(Extracted data entries)

━━━━━━━━━━

Theorem mainTheorem11 (R : realType) (disp : measure_display)
  (M : measurableType disp) (dist : M -> M -> R)
  (m : probability M R) (beta : R)
  (loss : nat -> M -> R) (mt : nat -> probability M R) (xs : nat -> M) :
  is_metric dist -> metric_complete dist -> metric_separable dist ->
  geodesic_space dist -> borel_of_dist dist ->
  in_P2 dist m -> A1 dist -> A2 dist ->
  0 < beta ->
  (forall t, (1 <= t)%N -> measurable_fun setT (loss t)) ->
  (forall t, (1 <= t)%N -> geod_expconcave dist beta (loss t)) ->
  (* EWB forecaster, well defined *)
  (forall A, measurable A -> mt 1%N A = m A) ->
  (forall t, (1 <= t)%N ->
     let Z := (\int[mt t]_x (expR (- (beta * loss t x)))%:E)%E in
     (0 < Z < +oo)%E /\
     forall A, measurable A ->
       mt t.+1 A =
       (\int[mt t]_(x in A) (expR (- (beta * loss t x)))%:E * ((fine Z)^-1)%:E)%E) ->
  (forall t, (1 <= t)%N -> in_P2 dist (mt t)) ->
  (forall t, (1 <= t)%N -> barycenter dist (mt t) (xs t)) ->
  forall n, (1 <= n)%N ->
    let L := fun x => \sum_(1 <= t < n.+1) loss t x in
    ((\sum_(1 <= t < n.+1) loss t (xs t))%:E <=
     ereal_inf [set v | exists mu : probability M R,
        integral_well_defined mu L /\
        v = dual_adde (\int[mu]_x (L x)%:E)
                      (rel_entropy mu m * (beta^-1)%:E)])%E.
Proof.
move=> _ _ _ _ _ _ _ jensen beta_gt0 mloss expc mt1 ewb_update mt_P2 xs_bary n _ /=.
apply/ereal_infP => _ [mu [L_wd ->]].
apply: le_trans (_ : _ <= (- ln (norm_prod beta loss mt n.+1) / beta)%:E)%E _.
  rewrite lee_fin; exact: (ewb_cumulative_bound _ _ _ mloss ewb_update _ _ jensen beta_gt0 expc mt_P2 xs_bary n).
apply: gibbs_inequality => //.
- exact: norm_prod_gt0.
- exact: measurable_cumloss.
- by rewrite ewb_gibbs_mass.
Qed.
Let prod_le_block_sum (c : 'I_p -> R) (x y : nat -> R) : (forall s, 0 < c s) ->
  \prod_(i < m) \prod_(j < n) G i j (x i) (y j) <=
  \sum_(s < p) ((\prod_t c t) / p%:R / c s ^+ p) *
     \prod_(j < n) \prod_(i < m)
       (if cyclic_match p s i j then Gp i j (x i) (y j) else 1).
Proof.
move=> c0.
pose T s := \prod_(i < m) \prod_(j < n)
  (if cyclic_match p s i j then G i j (x i) (y j) else 1).
have -> : \prod_(i < m) \prod_(j < n) G i j (x i) (y j) = \prod_(s < p) T s.
  apply/esym; rewrite /T exchange_big /=; apply: eq_bigr => i _.
  by rewrite exchange_big /=; apply: eq_bigr => j _; rewrite prod_cyclic.
have T0 s : 0 <= T s.
  by apply: prodr_ge0 => i _; apply: prodr_ge0 => j _; case: ifP.
apply: le_trans (prod_le_scaled_mean_expn p0 T0 c0) _.
rewrite mulr_suml mulr_sumr; apply: ler_sum => s _; rewrite expr_div_n.
have -> : T s ^+ p = \prod_(j < n) \prod_(i < m)
    (if cyclic_match p s i j then Gp i j (x i) (y j) else 1).
  rewrite /T -prodrXl; under eq_bigr do rewrite -prodrXl.
  rewrite exchange_big /=; apply: eq_bigr => j _; apply: eq_bigr => i _.
  by case: ifP; rewrite ?expr1n.
by rewrite le_eqVlt; apply/orP; left; apply/eqP; ring.
Qed.

Let row_factor s i t :=
  \prod_(j < n) (if cyclic_match p s i j then inner i j t / hJ else 1).

Let iter_int_inner_blocks (w : 'I_p -> R) (x : nat -> R) : (forall s, 0 <= w s) ->
  iter_int J n (fun y => (\sum_s w s * \prod_(j < n) \prod_(i < m)
      (if cyclic_match p s i j then Gp i j (x i) (y j) else 1))%:E) =
  (\sum_s (w s * hJ ^+ n) * \prod_(i < m) row_factor s i (x i))%:E.
Proof.
move=> w0.
rewrite (@iter_int_sum_prod R J mJ p w
  (fun s j t => \prod_(i < m) (if cyclic_match p s i j then Gp i j (x i) t else 1))
  (fun s j => hJ * \prod_(i < m)
     (if cyclic_match p s i j then inner i j (x i) / hJ else 1)) n w0).
- congr (_%:E); apply: eq_bigr => s _.
  rewrite prodrMl card_ord mulrA; congr (_ * _).
  by rewrite /row_factor exchange_big.
- move=> s j; apply: measurable_prod => i _; case: (cyclic_match p s i j).
    exact: measurable_funS (measurable_fun_pair2 _ (measurable_Gp i j)).
  exact: measurable_cst.
- by move=> s j t _; apply: prodr_ge0 => i _; case: ifP.
- move=> s j.
  apply: (@integral_prod_at_most_one _ _ R mu J mJ hJ m (fun i => cyclic_match p s i j)
    (fun i t => Gp i j (x i) t) (fun i => inner i j (x i)) muJ hJ0).
  + by move=> i1 i2 i1m i2m; apply: cyclic_match_injl;
      [exact: leq_trans i1m mp | exact: leq_trans i2m mp].
  + by move=> i _ _; rewrite innerE.
Qed.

━━━━━━━━━━

** About this task **
Scan the records above for the lines holding "by case: ifP; rewrite ?expr1n." and "Let iter_int_inner_blocks (w". Transcribe those two and every line between them word for word, and no others.

** Expected answer **
  by case: ifP; rewrite ?expr1n.
by rewrite le_eqVlt; apply/orP; left; apply/eqP; ring.
Qed.

Let row_factor s i t :=
  \prod_(j < n) (if cyclic_match p s i j then inner i j t / hJ else 1).

Let iter_int_inner_blocks (w : 'I_p -> R) (x : nat -> R) : (forall s, 0 <= w s) ->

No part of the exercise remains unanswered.